Home, Optimizer, Benchmarks, Server Systems, Systems Architecture, Processors, Storage,

Previous versions of this topic are Storage Performance 2013 and Storage Update 2014.

Storage 2017 2017-03

Storage was once an important topic, both because it was important and the database team once had influence in system and storage configuration. But since then, the infrastructure department have asserted control. There may be one or possibly two standard system configurations to choose from. There might be a mandate to run on VM or the cloud. Storage may be part of infrastructure or the province of a separate SAN team.

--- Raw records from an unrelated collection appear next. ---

Lemma derive_kappa_identity x v : alpha f x < Rr ->
  2 * kappa x * (Rr * (dotv (grad x) ('D_v grad x) / nlen x) - dotv x ('D_v grad x))
  + 2 * 'D_v (kappa : V -> R^o) x * (nlen x * Rr - dotv x (grad x) + f x)
  = 2 * dotv x v + 2 * f x * dotv (grad x) v.
Proof.
move=> hx.
have dk := differentiable_kappa hx; have dn := differentiable_nlen x.
have dT := differentiable_sqnorm x.
have dd : differentiable (fun z => dotv z (grad z) : R^o) x by exact: differentiable_dotv.
have dnR : differentiable (fun z => nlen z * Rr : R^o) x by exact: differentiableM.
have dnd : differentiable (fun z => nlen z * Rr - dotv z (grad z) : R^o) x.
  exact: differentiableB.
have dff : differentiable (fun z => f z * f z : R^o) x by exact: differentiableM.
have dTff : differentiable (fun z => sqnorm z + f z * f z : R^o) x.
  exact: differentiableD.
have d2k : differentiable (fun z => 2 * kappa z : R^o) x by exact: differentiableM.
have dndf : differentiable (fun z => nlen z * Rr - dotv z (grad z) + f z : R^o) x.
  exact: differentiableD.
have near_id : \forall z \near x, 2 * kappa z * (nlen z * Rr - dotv z (grad z) + f z) =
    sqnorm z + f z * f z - Rr ^+ 2.
  have a_cont : alpha f @ x --> alpha f x := differentiable_continuous (differentiable_alpha x).
  near=> z; apply: kappa_identity; near: z; exact: cvgr_lt a_cont _ hx.
have := near_eq_derive v near_id.
rewrite (deriveM_diff (a := fun z => 2 * kappa z : R^o)) //.
rewrite (deriveM_diff (a := fun _ => 2 : R^o) (b := kappa)) // derive_cst.
rewrite (deriveD_diff (a := fun z => nlen z * Rr - dotv z (grad z) : R^o)) //.
rewrite (deriveB_diff (a := fun z => nlen z * Rr : R^o)) //.
rewrite (deriveM_diff (a := nlen) (b := fun _ => Rr : R^o)) // derive_cst.
rewrite derive_nlen (derive_dotv (F := id)) // derive_id (derive_gradient f_diff).
rewrite (deriveB_diff (a := fun z => sqnorm z + f z * f z : R^o)) // derive_cst.
rewrite (deriveD_diff (a := fun z => sqnorm z : R^o)) //.
rewrite deriveM_diff // derive_sqnorm (derive_gradient f_diff) (dotvC v).
lra.
Unshelve. all: by end_near. Qed.

Lemma derive_kappa_kernel x v : alpha f x < Rr -> 'D_v (xmap Rr f) x = 0 ->
  'D_v (kappa : V -> R^o) x = dotv (grad x) v.
Proof.
move=> hx; rewrite derive_xmap // => Dv.
have I := derive_kappa_identity v hx.
have es : nlen x ^+ 2 = 1 + dotv (grad x) (grad x) := nlen_sqr x.
have s_gt0 := nlen_gt0 x; have F_gt0 := f_gt0 x.
move: Dv I es s_gt0 F_gt0.
set G := 'D_v grad x; set g := grad x; set K := kappa x; set s := nlen x.
set F := f x; set dK : R := 'D_v (kappa : V -> R^o) x.
move=> Dv I es s_gt0 F_gt0.
have Eg : dotv g v + K * dotv g G + dK * dotv g g = 0.
  by have := congr1 (dotv g) Dv; rewrite !dotvDr !dotvZr dotv0r.
have Ex : dotv x v + K * dotv x G + dK * dotv x g = 0.
  by have := congr1 (dotv x) Dv; rewrite !dotvDr !dotvZr dotv0r.
have key : (dK - dotv g v) * (Rr + F * s) = 0.
  transitivity (s / 2 * (2 * K * (Rr * (dotv g G / s) - dotv x G)
      + 2 * dK * (s * Rr - dotv x g + F) - (2 * dotv x v + 2 * F * dotv g v))
    + s * (dotv x v + K * dotv x G + dK * dotv x g)
    - Rr * (dotv g v + K * dotv g G + dK * dotv g g)
    - dK * Rr * (s ^+ 2 - 1 - dotv g g)).
    by field; rewrite gt_eqF.
  by rewrite I subrr Ex Eg es; ring.
move/eqP: key; rewrite mulf_eq0 => /orP[/eqP|]; first by move/eqP; rewrite subr_eq0 => /eqP.
by rewrite gt_eqF // ltr_wpDr // ?mulr_ge0 // ltW.
Qed.

Lemma jacobian_kernel_eq0 x v : alpha f x < Rr -> 'D_v (xmap Rr f) x = 0 -> v = 0.
Proof.
move=> hx Dv; have dkE := derive_kappa_kernel hx Dv.
rewrite derive_xmap // dkE in Dv.
have := congr1 (dotv v) Dv; rewrite !dotvDr !dotvZr dotv0r (dotvC v (grad x)) => Ev.
have : 0 <= kappa x * dotv v ('D_v grad x).
  by rewrite mulr_ge0 ?(hessian_psd f_diff f_convex v (grad_diff x)) // ltW // kappa_gt0.
have := sqr_ge0 (dotv (grad x) v).
move=> sq_ge0 psd; apply: sqnorm_eq0; apply/eqP; rewrite eq_le sqnorm_ge0 andbT.
move: Ev sq_ge0 psd; rewrite /sqnorm; lra.
Qed.

Lemma xmap_jacobian_det_neq0 x : alpha f x < Rr -> \det ('J (xmap Rr f) x) != 0.
Proof.
move=> hx; apply/negP => /det0P [v v_neq0 vJ].
have Dv : 'D_v (xmap Rr f) x = 0.
  by rewrite deriveEjacobian ?vJ //; exact: differentiable_xmap.
by move/eqP: v_neq0; apply; exact: jacobian_kernel_eq0 hx Dv.
Qed.

End TangentBalls.

Theorem theorem10 (R : realType) (n : nat) (Rr : R) (f : 'rV[R]_n -> R^o) :
  (0 < n)%N -> 0 < Rr ->
  (forall t, 0 < f t) ->
  C2 f ->
  convex_function setT (f : convex_lmodType 'rV[R]_n -> R^o) ->
  (forall t, Rr ^+ 2 < sqnorm t + f t ^+ 2) ->
  set_bij [set t | alpha f t < Rr] setT (xmap Rr f) /\
  (forall t, alpha f t < Rr ->
     differentiable (xmap Rr f) t /\ \det ('J (xmap Rr f) t) != 0).
Proof.
move=> _ Rr_gt0 f_gt0 [f_diff [grad_diff _]] f_convex outside.
split; first split.
- by move=> t _.
- by move=> t1 t2; rewrite !inE => ht1 ht2; apply: xmap_inj.
- by move=> y _; have [t ht <-] := xmap_surj Rr_gt0 f_gt0 f_diff outside y; exists t.
move=> t ht; split; first exact: differentiable_xmap.
exact: xmap_jacobian_det_neq0.
Qed.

Fortunately in more recent years, the typically system configuration has such a ridiculously enormous memory configuration that can hide a good number of storage performance issues. Now that all-flash memory is a popular choice for new storage purchases, it is possible that random IO and high queue depth performance is also nolonger an issue.

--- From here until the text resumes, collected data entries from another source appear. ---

Lemma cylinder_indep n B S : measurable B -> cylinder n S ->
  P (S `&` X n.+1 @^-1` B) = P S * P (X n.+1 @^-1` B).
Proof.
move=> mB [C [mC ->]].
pose C' i := if i == n then B else C i.
have mC' i : measurable (C' i) by rewrite /C'; case: ifP.
have C'n : C' n = B by rewrite /C' eqxx.
have C'E : \big[setI/setT]_(0 <= i < n) (X i.+1 @^-1` C i) =
           \big[setI/setT]_(0 <= i < n) (X i.+1 @^-1` C' i).
  by apply: eq_big_nat => i /andP[_ ilt]; rewrite /C' ltn_eqF.
have PC'E : \prod_(0 <= i < n) P (X i.+1 @^-1` C i) =
            \prod_(0 <= i < n) P (X i.+1 @^-1` C' i).
  by apply: eq_big_nat => i /andP[_ ilt]; rewrite /C' ltn_eqF.
have := Xindep (index_iota 0 n.+1) C' (iota_uniq _ _) (fun i _ => mC' i).
rewrite big_nat_recr//= big_nat_recr//= C'n -C'E => ->.
by rewrite C'E (Xindep (index_iota 0 n) C' (iota_uniq _ _) (fun i _ => mC' i)) -PC'E.
Qed.

Lemma Fn_indep n B A : measurable B -> Fn X n A ->
  measurable A /\ P (A `&` X n.+1 @^-1` B) = P A * P (X n.+1 @^-1` B).
Proof.
move=> mB FA.
have : <<s cylinder n >> A by exact: (sub_sigma_algebra2 (@gen_Fn_sub_cylinder n)).
move: A {FA}; apply: (@lambda_system_subset _ _ (@cylinder_setI_closed n) setT).
- exact/dynkin_lambda_system/dynkin_indep_with/measurable_preimage_X.
- move=> S cS; split; [exact: measurable_cylinder cS|exact: cylinder_indep mB cS].
- by [].
Qed.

An unaddressed issue is the matter of IO bandwidth. Astonishingly, the root source of this seem be that SAN people do not understand the distinction between the Gbits/s that fiber channel uses for specifications and GBytes/s that is used in most other information groups. Another part of this is that adequate IO bandwidth is achieved by parallelism, both in the IO channels and volumes at the storage end.

For database people who are still interested in storage from the performance perspective, it is time to review and reassess the developments of recent years. The emphasis here is on direct-attach storage. It is possible to configure high-bandwidth IO on a SAN system, but some combination vendor doctrine and SAN admin obstructionism put up too many roadblocks that make such a discussion mostly pointless.

System Architecture

The starting point remains system architecture, as this is the upstream destination and consumer of storage. The most popular server configuration in recent years is perhaps a 2-socket system with the Xeon E5 processor, currently in version 4 (Q2 2016) based on the Broadwell core, with a v5 based on Sky Lake expected later in 2017.

E5v4 2P

The salient points of the Xeon E5 v4 are: 4-22 cores, 4 memory channels and 40 PCI-E lanes (x600-series), all per socket.

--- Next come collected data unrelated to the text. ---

Lemma ghost_path_val_orth v m v' m' : is_path v m -> is_path v' m' ->
  ~ path_prefix v m v' m' -> ~ path_prefix v' m' v m -> ghost_val v m * path_val v' m' = 0.
Proof.
elim: m v v' m' => [|f m IH] v v' m' pm pm' npre npre'.
  by apply: ghost_path_val_vert_neq => vv; apply: npre; split => //; exists m'.
case: m' pm' npre npre' => [|f' m'] pm' npre npre'.
  by apply: ghost_path_val_vert_neq => vv; apply: npre'; split => //; exists (f :: m).
case: (classic (v = v')) => [ev|nv]; last exact: ghost_path_val_vert_neq.
move: pm pm' => [sf pm] [sf' pm']; subst v'.
rewrite ghost_val_cons // path_val_cons // mulrA -(mulrA _ (gg X f)).
case: (classic (f = f')) => [ef|nf]; last by rewrite ghost_edge_orth // mulr0 mul0r.
subst f'.
rewrite ghost_edge // -mulrA vert_path_val IH // => [[_ [t et]]|[_ [t et]]].
- by apply: npre; split => //; exists t; rewrite et.
- by apply: npre'; split => //; exists t; rewrite et.
Qed.

Lemma path_proj_idem v m : is_path v m -> path_proj v m * path_proj v m = path_proj v m.
Proof.
by move=> pm; rewrite /path_proj mulrA -(mulrA _ (ghost_val v m)) ghost_path_val // path_val_end.
Qed.

Lemma path_proj_orth v m v' m' : is_path v m -> is_path v' m' ->
  ~ path_prefix v m v' m' -> ~ path_prefix v' m' v m -> path_proj v m * path_proj v' m' = 0.
Proof.
move=> pm pm' npre npre'.
by rewrite /path_proj mulrA -(mulrA _ (ghost_val v m)) ghost_path_val_orth // mulr0 mul0r.
Qed.

Lemma path_proj_path_val v m t :
  is_path v m -> path_proj v m * path_val v (m ++ t) = path_val v (m ++ t).
Proof.
move=> pm; rewrite path_val_cat /path_proj mulrA -(mulrA _ (ghost_val v m)).
by rewrite ghost_path_val // path_val_end.
Qed.

Lemma ghost_val_path_proj v m t :
  is_path v m -> ghost_val v (m ++ t) * path_proj v m = ghost_val v (m ++ t).
Proof.
move=> pm; rewrite ghost_val_cat /path_proj -mulrA (mulrA (ghost_val v m)).
by rewrite ghost_path_val // end_ghost_val.
Qed.

Lemma path_mon_flip v m u n : is_path u n -> path_end v m = path_end u n -> is_path v m ->
  path_val v m * ghost_val u n * (path_val u n * ghost_val v m) = path_proj v m.
Proof.
move=> pn ends pm.
by rewrite mulrA -(mulrA _ (ghost_val u n)) ghost_path_val // -ends path_val_end.
Qed.

Lemma path_mon_regular v m u n : is_path v m -> is_path u n -> path_end v m = path_end u n ->
  let y := path_val v m * ghost_val u n in y * (path_val u n * ghost_val v m) * y = y.
Proof.
move=> pm pn ends /=; rewrite path_mon_flip // mulrA.
by have := path_proj_path_val [::] pm; rewrite cats0 => ->.
Qed.

End Paths.

Section Words.
Variables (E : graph) (A : pzRingType) (X : lpa_gen E A).

Definition path_word (v : vert E) (m : seq (edge E)) : seq (lsym E) :=
  SV v :: map (@SE E) m.
Definition ghost_word (v : vert E) (m : seq (edge E)) : seq (lsym E) :=
  map (@SG E) (rev m) ++ [:: SV v].

Lemma ev_word_cat w1 w2 : ev_word X (w1 ++ w2) = ev_word X w1 * ev_word X w2.
Proof. by rewrite /ev_word big_cat. Qed.

Lemma ev_word_cons s w : ev_word X (s :: w) = ev_sym X s * ev_word X w.
Proof. by rewrite /ev_word big_cons. Qed.

Lemma ev_path_word v m : ev_word X (path_word v m) = path_val X v m.
Proof. by rewrite /ev_word big_cons big_map. Qed.

Lemma ev_ghost_word v m : ev_word X (ghost_word v m) = ghost_val X v m.
Proof. by rewrite ev_word_cat /ev_word big_map big_seq1. Qed.

End Words.

Section Degrees.
Variables (G : groupType) (E : graph) (degE : edge E -> G).

Definition deg_path (m : seq (edge E)) : G := deg_word degE (map (@SE E) m).

Lemma deg_word_cat w1 w2 :
  deg_word degE (w1 ++ w2) = mul (deg_word degE w1) (deg_word degE w2).
Proof. by elim: w1 => [|s w1 IH] /=; rewrite ?mul1g // IH mulgA. Qed.

Lemma deg_path_nil : deg_path [::] = one.
Proof. by []. Qed.

Lemma deg_path_cons f m : deg_path (f :: m) = mul (degE f) (deg_path m).
Proof. by []. Qed.

Lemma deg_path_cat m t : deg_path (m ++ t) = mul (deg_path m) (deg_path t).
Proof. by rewrite /deg_path map_cat deg_word_cat. Qed.

Lemma deg_path_word v m : deg_word degE (path_word v m) = deg_path m.
Proof. exact: mul1g. Qed.

Lemma deg_ghost_word v m : deg_word degE (ghost_word v m) = inv (deg_path m).
Proof.
rewrite deg_word_cat /= !mulg1; elim: m => [|f m IH]; first by rewrite invg1.
by rewrite rev_cons map_rcons -cats1 deg_word_cat IH /= mulg1 invgM.
Qed.

End Degrees.

Section NormalForm.
Variables (G : groupType) (E : graph) (A : pzRingType) (X : lpa_gen E A).
Variable degE : edge E -> G.
Hypothesis CX : cohn_family X.

Definition normal_form (y : A) (d : G) : Prop :=
  y = 0 \/ exists v m u n, [/\ is_path v m, is_path u n, path_end v m = path_end u n,
    y = path_val X v m * ghost_val X u n & d = mul (deg_path degE m) (inv (deg_path degE n))].

Lemma normal_form_sym s : normal_form (ev_sym X s) (deg_sym degE s).
Proof.
right; case: s => [v|f|f] /=.
- exists v, [::], v, [::]; split => //=; last by rewrite deg_path_nil invg1 mulg1.
  by rewrite path_val_nil ghost_val_nil vert_idem.
- exists (src f), [:: f], (rng f), [::]; split => //=.
    by rewrite path_val_cons // path_val_nil ghost_val_nil -mulrA vert_idem // edge_rng.
  by rewrite deg_path_cons !deg_path_nil invg1 !mulg1.
- exists (rng f), [::], (src f), [:: f]; split => //=.
    by rewrite ghost_val_cons // path_val_nil ghost_val_nil mulrA vert_idem // rng_ghost.
  by rewrite deg_path_cons !deg_path_nil mulg1 mul1g.
Qed.

Lemma normal_form_cons s y d :
  normal_form y d -> normal_form (ev_sym X s * y) (mul (deg_sym degE s) d).
Proof.
case=> [->|[v [m [u [n [pm pn ends -> ->]]]]]]; first by left; rewrite mulr0.
case: s => [w|f|f] /=.
- case: (classic (w = v)) => [->|nwv]; last by left; rewrite mulrA vert_path_val_neq // mul0r.
  by right; exists v, m, u, n; rewrite mulrA vert_path_val // mul1g.
- case: (classic (rng f = v)) => [efv|nfv]; last by left; rewrite mulrA edge_path_val_neq // mul0r.
  right; exists (src f), (f :: m), u, n; rewrite /= efv deg_path_cons mulgA.
  by split => //; rewrite mulrA path_val_cons // efv.
case: m pm ends => [|f' m] pm ends.
  case: (classic (src f = v)) => [sfv|nsfv]; last first.
    by left; rewrite mulrA path_val_nil ghost_vert_neq // mul0r.
  right; exists (rng f), [::], u, (rcons n f); rewrite -cats1; split => //.
  - by apply/is_path_cat; split => //=; rewrite -ends.
  - by rewrite path_end_cat -ends.
  - by rewrite ghost_val_cat big_seq1 !path_val_nil !mulrA -sfv ghost_src // rng_ghost.
  - by rewrite deg_path_cat deg_path_cons !deg_path_nil invgM !mul1g mulg1.
move: pm => [sf' pm]; case: (classic (f = f')) => [eff'|nff']; last first.
  by left; rewrite mulrA path_val_cons // mulrA ghost_edge_orth // !mul0r.
subst f'; right; exists (rng f), m, u, n; split => //.
  by rewrite mulrA path_val_cons // mulrA ghost_edge // vert_path_val.
by rewrite deg_path_cons !mulgA mulVg mul1g.
Qed.

Lemma word_normal_form w : (0 < size w)%N -> normal_form (ev_word X w) (deg_word degE w).
Proof.
elim: w => [|s [|s' w] IH] // _.
  by rewrite /ev_word big_seq1 /= mulg1; apply: normal_form_sym.
by rewrite ev_word_cons; apply: normal_form_cons; apply: IH.
Qed.

End NormalForm.

Section Grading.
Variables (G : groupType) (R : pzRingType) (E : graph) (A : pzRingType).
Variables (phi : {rmorphism R -> A}) (X : lpa_gen E A) (degE : edge E -> G).
Hypothesis phi_comm : forall (r : R) (s : lsym E), phi r * ev_sym X s = ev_sym X s * phi r.

Local Notation S := (lpa_comp phi X degE).

Lemma phi_comm_word r w : phi r * ev_word X w = ev_word X w * phi r.
Proof.
elim: w => [|s w IH]; first by rewrite /ev_word big_nil mulr1 mul1r.
by rewrite ev_word_cons mulrA phi_comm -mulrA IH mulrA.
Qed.

Lemma mon_mul r w r' w' :
  phi r * ev_word X w * (phi r' * ev_word X w') = phi (r * r') * ev_word X (w ++ w').
Proof.
by rewrite ev_word_cat rmorphM -mulrA (mulrA (ev_word X w)) -phi_comm_word !mulrA.
Qed.

Lemma lincomb_mul_ind (P : A -> Prop) (la lb : seq (R * seq (lsym E))) :
  P 0 -> (forall x y, P x -> P y -> P (x + y)) ->
  (forall p q, List.In p la -> List.In q lb -> P (phi (p.1 * q.1) * ev_word X (p.2 ++ q.2))) ->
  P (lincomb phi X la * lincomb phi X lb).
Proof.
move=> P0 PD Pmon; elim: la Pmon => [|p la IHa] Pmon; first by rewrite /lincomb big_nil mul0r.
rewrite {1}/lincomb big_cons mulrDl; apply: (PD); last first.
  by apply: IHa => p' q lp lq; apply: Pmon => //; right.
clear IHa; elim: lb Pmon => [|q lb IHb] Pmon; first by rewrite /lincomb big_nil mulr0.
rewrite /lincomb big_cons mulrDr; apply: (PD); first by rewrite mon_mul; apply: Pmon; left.
by apply: IHb => p' q' lp lq; apply: Pmon => //; right.
Qed.

Lemma lpa_comp0 g : S g 0.
Proof. by exists [::]; rewrite /lincomb big_nil. Qed.

Lemma lpa_compD g x y : S g x -> S g y -> S g (x + y).
Proof.
move=> [l1 [m1 ->]] [l2 [m2 ->]]; exists (l1 ++ l2); split; last by rewrite /lincomb big_cat.
by move=> p lp; case: (List.in_app_or _ _ _ lp) => ?; [apply: m1 | apply: m2].
Qed.

Lemma lpa_comp_mon r w : (0 < size w)%N -> S (deg_word degE w) (phi r * ev_word X w).
Proof. by move=> sw; exists [:: (r, w)]; split; [move=> p [<-|[]] | rewrite /lincomb big_seq1]. Qed.

Lemma lpa_comp_word w : (0 < size w)%N -> S (deg_word degE w) (ev_word X w).
Proof. by move=> /(lpa_comp_mon 1); rewrite rmorph1 mul1r. Qed.

Lemma lpa_compM h k a b : S h a -> S k b -> S (mul h k) (a * b).
Proof.
move=> [la [ma ->]] [lb [mb ->]].
apply: lincomb_mul_ind; [exact: lpa_comp0 | exact: lpa_compD |].
move=> p q /ma [sp <-] /mb [sq <-]; rewrite -deg_word_cat.
by apply: lpa_comp_mon; rewrite size_cat addn_gt0 sp.
Qed.

Lemma lpa_comp_flip v m u n :
  S (inv (mul (deg_path degE m) (inv (deg_path degE n)))) (path_val X u n * ghost_val X v m).
Proof.
have := lpa_comp_word (w := path_word u n ++ ghost_word v m) isT.
rewrite ev_word_cat ev_path_word ev_ghost_word.
by rewrite deg_word_cat deg_path_word deg_ghost_word invgM invgK.
Qed.

Hypothesis CX : cohn_family X.

Lemma setmul_lpa_comp (P Q : A -> Prop) h k x :
  (forall a, P a -> S h a) -> (forall b, Q b -> S k b) -> setmul P Q x -> S (mul h k) x.
Proof.
move=> PS QS; apply: addspan_ind; [exact: lpa_comp0 | exact: lpa_compD |].
by move=> _ [a [b [Pa Qb ->]]]; apply: lpa_compM; [apply: PS | apply: QS].
Qed.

It should be mentioned that twenty years ago, the Intel Pentium Pro processor featured glueless multi-processing up to 4-way (now sockets). This was seminal processor for more than one reason, but enabling a 2-way multi-processor at only a moderate price premium over a single processor system was immensely important at the time. For all too common reasons, people remembered the rule of 2-way (or higher) but did not bother with the reason why.

Today, processor cores are immensely powerful and there can be up to 22-cores in the E5 v4, along with vast memory and IO capability. The unquestioned mandate of 2-way does not apply anymore. Yet few people are willing to accept that a single socket E5 v4 system is more than adequate for medium and possibly even heavy workloads.

E5v4 1P

Even the server version of the desktop processor, of which the latest version is Xeon E3 v5 with the Sky Lake core. is suffient for perhaps medium workloads. The key difference between the Xeon E3 and the desktop Core i7 is that ECC memory is enabled on the E3. The Xeon E3 has 4 DIMM slots, capable of 64GB memory. Even its 16 PCI-E lanes are acceptable except that no one makes a motherboard with 4 x4 PCI-E slots for this to be practical. That and that there is only a moderate price difference between a Xeon E3 and a single socket E5 with an entry processor. Between the two, the E5 system has far better configuration options.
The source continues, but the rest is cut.